Was davon halten Sie für kurzfristig schaffbar – und was würden Sie eher in ruhigeren Zeiten verorten?
Die weitere Entwicklung einheitlicher Standards ist etwas, was Zeit in Anspruch nehmen wird.
Es ist ja in den vergangenen Monaten viel passiert in der IT-Landschaft des ÖGD – die Ämter selbst haben sich scheinbar aufgeteilt in diejenigen, die mit ihren lokalen Einzellösungen zufrieden sind, andere präferieren eine-für-Alle standardisierte Lösung à la Sormas – wohin tendieren Sie aus welchen Gründen? Und haben Sie Verständnis für die Gegenposition?
Ich verstehe, dass Gesundheitsämter, die eine gut funktionierende technische Lösung etabliert haben, mitten in der Pandemie sich sehr genau überlegen, ob sie auf ein anderes System umsteigen. Aber ich sehe auch viele Vorteile auf der SORMAS-Seite. Ich bin persönlich ein großer Freund von Open-Source-Lösungen und bewundere, in welch kurzer Zeit SORMAS zu einem effektiven Werkzeug zum Pandemie-Management programmiert wurde. Der große Vorteil: Mit der entsprechenden IT-Community im Rücken kann es ständig sinnvoll erweitert werden, zum Beispiel um ein Symptomtagebuch. Ganz wichtig erscheint mir auch, dass SORMAS künftig die Möglichkeit bieten soll, Daten zwischen den Gesundheitsämtern auszutauschen. Den Umstieg auf SORMAS so einfach wie möglich zu gestalten, ist ein weiterer wichtiger Punkt. Die Akademie bietet gemeinsam mit dem Helmholtz-Zentrum für Infektionsforschung ein großes Onboarding-Programm unter anderem mit Schulungen, Hotlines, Videotutorials, Webseminaren und vielem mehr an, sodass ein Einstieg ganz schnell gelingt.

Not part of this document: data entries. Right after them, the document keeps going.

Lemma quasi_copula_mono_lip Q :
  boundary Q -> discrete_quasi_copula Q <-> mono_lip Q.
Proof.
move=> [bounded border]; split.
- move=> [_ mono_i mono_j Q3]; split.
  + move=> i i' j le_ii'; split; first exact: mono_i.
    have := Q3 i i' j ord_max le_ii' (leq_ord _).
    have [_ _ -> _] := border i; have [_ _ -> _] := border i'.
    by rewrite /is_border /= eqxx !orbT => /(_ isT); lia.
  + move=> i j j' le_jj'; split; first exact: mono_j.
    have := Q3 i ord_max j j' (leq_ord _) le_jj'.
    have [_ _ _ ->] := border j; have [_ _ _ ->] := border j'.
    by rewrite /is_border /= eqxx !orbT => /(_ isT); lia.
- move=> [lip_i lip_j]; split=> //.
  + by move=> i i' j le; case: (lip_i i i' j le).
  + by move=> i j j' le; case: (lip_j i j j' le).
  move=> i i' j j' le_ii' le_jj' on_border.
  move: (border i) (border i') (border j) (border j')
    (lip_i i i' j le_ii') (lip_i i i' j' le_ii')
    (lip_j i j j' le_jj') (lip_j i' j j' le_jj') (ltn_ord i') (ltn_ord j').
  move=> [? ? ? ?] [? ? ? ?] [? ? ? ?] [? ? ? ?] [? ?] [? ?] [? ?] [? ?] ? ?.
  by case/or4P: on_border => /border_cases [] ?; subst; simpl in *; lia.
Qed.

(* The boundary condition Q (k, n) = k makes every map with (Q1) irreducible. *)
Lemma boundary_irreducible Q : boundary Q -> irreducible Q.
Proof.
move=> [bounded border]; split=> // k le_kn; exists (inord k), ord_max.
by have [_ _ -> _] := border (inord k); exact: inordK.
Qed.

Lemma Qset_boundary_mono_lip Q : Qset Q -> boundary Q /\ mono_lip Q.
Proof. by move=> [[bQ ? ? ?] _]; split; last apply/quasi_copula_mono_lip. Qed.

Welche Aufgaben sehen Sie für die Akademie darüber hinaus?
Die Akademie hat in den vergangenen Jahren immer mehr Trägerländer dazugewonnen. Mit 500 Kursen jährlich und 5.000 Teilnehmer:innen aus dem ÖGD sind wir ein ganz wichtiges Instrument zum Austausch und zur Vernetzung. Das könnte auch eine Option für einen allgemeinen, digitalen Rahmen sein.